◆ **Task input**:
◆ ◆ ◆

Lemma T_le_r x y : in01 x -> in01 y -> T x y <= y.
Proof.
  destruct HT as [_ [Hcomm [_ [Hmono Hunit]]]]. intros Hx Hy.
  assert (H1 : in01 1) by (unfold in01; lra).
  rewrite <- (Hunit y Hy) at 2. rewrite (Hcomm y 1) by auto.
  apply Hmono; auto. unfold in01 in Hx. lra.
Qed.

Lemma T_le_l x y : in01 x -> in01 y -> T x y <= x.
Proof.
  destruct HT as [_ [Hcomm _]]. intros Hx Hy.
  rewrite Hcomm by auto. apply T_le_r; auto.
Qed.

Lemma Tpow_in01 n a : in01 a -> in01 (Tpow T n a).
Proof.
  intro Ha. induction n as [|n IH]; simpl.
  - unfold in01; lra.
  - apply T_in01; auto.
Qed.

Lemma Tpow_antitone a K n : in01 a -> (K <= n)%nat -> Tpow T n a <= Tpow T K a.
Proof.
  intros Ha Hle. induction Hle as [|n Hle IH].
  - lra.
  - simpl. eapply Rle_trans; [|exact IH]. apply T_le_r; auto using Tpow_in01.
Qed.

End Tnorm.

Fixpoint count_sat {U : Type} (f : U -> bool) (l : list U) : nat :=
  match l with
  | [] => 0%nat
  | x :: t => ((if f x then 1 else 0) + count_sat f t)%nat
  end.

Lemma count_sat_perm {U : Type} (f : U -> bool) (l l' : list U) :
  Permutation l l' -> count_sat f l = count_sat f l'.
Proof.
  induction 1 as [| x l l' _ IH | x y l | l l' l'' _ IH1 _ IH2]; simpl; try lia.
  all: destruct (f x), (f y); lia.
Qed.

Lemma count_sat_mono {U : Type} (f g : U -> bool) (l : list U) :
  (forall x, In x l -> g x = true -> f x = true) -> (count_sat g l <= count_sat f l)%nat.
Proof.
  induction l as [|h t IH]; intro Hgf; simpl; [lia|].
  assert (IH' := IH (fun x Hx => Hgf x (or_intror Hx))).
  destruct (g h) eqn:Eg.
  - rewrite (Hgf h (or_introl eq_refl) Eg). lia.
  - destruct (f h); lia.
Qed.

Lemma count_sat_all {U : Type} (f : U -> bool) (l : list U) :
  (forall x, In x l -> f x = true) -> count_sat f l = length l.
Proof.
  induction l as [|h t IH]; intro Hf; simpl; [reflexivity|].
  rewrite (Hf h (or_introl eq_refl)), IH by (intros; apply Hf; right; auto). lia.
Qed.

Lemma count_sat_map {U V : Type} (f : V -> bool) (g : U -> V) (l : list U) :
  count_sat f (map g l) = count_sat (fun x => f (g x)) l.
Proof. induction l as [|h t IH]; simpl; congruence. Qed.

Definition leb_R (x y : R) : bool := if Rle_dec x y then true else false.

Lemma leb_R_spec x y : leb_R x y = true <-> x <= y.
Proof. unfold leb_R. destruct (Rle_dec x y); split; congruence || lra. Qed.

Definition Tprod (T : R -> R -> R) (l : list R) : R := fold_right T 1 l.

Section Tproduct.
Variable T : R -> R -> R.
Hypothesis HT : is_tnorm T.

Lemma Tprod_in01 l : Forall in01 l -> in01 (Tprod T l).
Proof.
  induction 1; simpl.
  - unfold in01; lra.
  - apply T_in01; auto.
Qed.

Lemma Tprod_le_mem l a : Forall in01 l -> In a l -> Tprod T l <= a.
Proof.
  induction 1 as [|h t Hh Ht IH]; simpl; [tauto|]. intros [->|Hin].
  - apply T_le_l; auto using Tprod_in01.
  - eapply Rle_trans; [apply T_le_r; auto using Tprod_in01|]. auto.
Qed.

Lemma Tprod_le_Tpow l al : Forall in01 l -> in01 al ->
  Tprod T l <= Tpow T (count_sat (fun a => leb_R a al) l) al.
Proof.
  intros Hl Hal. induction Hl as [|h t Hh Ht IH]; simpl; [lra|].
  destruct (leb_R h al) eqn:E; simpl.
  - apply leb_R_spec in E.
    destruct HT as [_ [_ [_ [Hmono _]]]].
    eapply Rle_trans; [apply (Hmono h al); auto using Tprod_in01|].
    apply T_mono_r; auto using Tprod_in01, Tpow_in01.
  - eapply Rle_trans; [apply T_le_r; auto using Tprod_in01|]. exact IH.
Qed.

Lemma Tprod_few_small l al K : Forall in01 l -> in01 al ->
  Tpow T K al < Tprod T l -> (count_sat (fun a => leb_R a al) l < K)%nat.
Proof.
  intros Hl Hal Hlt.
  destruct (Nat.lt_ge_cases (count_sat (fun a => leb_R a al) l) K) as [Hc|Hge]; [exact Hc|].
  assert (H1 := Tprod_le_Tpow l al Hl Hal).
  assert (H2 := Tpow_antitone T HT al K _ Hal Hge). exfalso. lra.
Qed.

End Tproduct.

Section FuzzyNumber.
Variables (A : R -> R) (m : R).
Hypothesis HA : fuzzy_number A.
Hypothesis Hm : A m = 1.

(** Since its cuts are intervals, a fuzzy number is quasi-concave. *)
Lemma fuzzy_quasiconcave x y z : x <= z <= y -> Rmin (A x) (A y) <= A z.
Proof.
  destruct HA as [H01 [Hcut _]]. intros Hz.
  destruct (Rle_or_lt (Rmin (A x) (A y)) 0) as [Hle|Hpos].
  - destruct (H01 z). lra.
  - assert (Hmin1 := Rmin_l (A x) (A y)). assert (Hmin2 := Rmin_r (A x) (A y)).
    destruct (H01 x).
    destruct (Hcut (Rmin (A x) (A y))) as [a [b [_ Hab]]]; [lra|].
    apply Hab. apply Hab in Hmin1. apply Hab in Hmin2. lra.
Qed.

◆ ◆ ◆

◆ **How to complete this task**: For this exercise, gather every line of the data that contains the word "intros".

◆ **Finished task**:
  destruct HT as [_ [Hcomm [_ [Hmono Hunit]]]]. intros Hx Hy.
  destruct HT as [_ [Hcomm _]]. intros Hx Hy.
  intros Ha Hle. induction Hle as [|n Hle IH].
  rewrite (Hf h (or_introl eq_refl)), IH by (intros; apply Hf; right; auto). lia.
  induction 1 as [|h t Hh Ht IH]; simpl; [tauto|]. intros [->|Hin].
  intros Hl Hal. induction Hl as [|h t Hh Ht IH]; simpl; [lra|].
  intros Hl Hal Hlt.
  destruct HA as [H01 [Hcut _]]. intros Hz.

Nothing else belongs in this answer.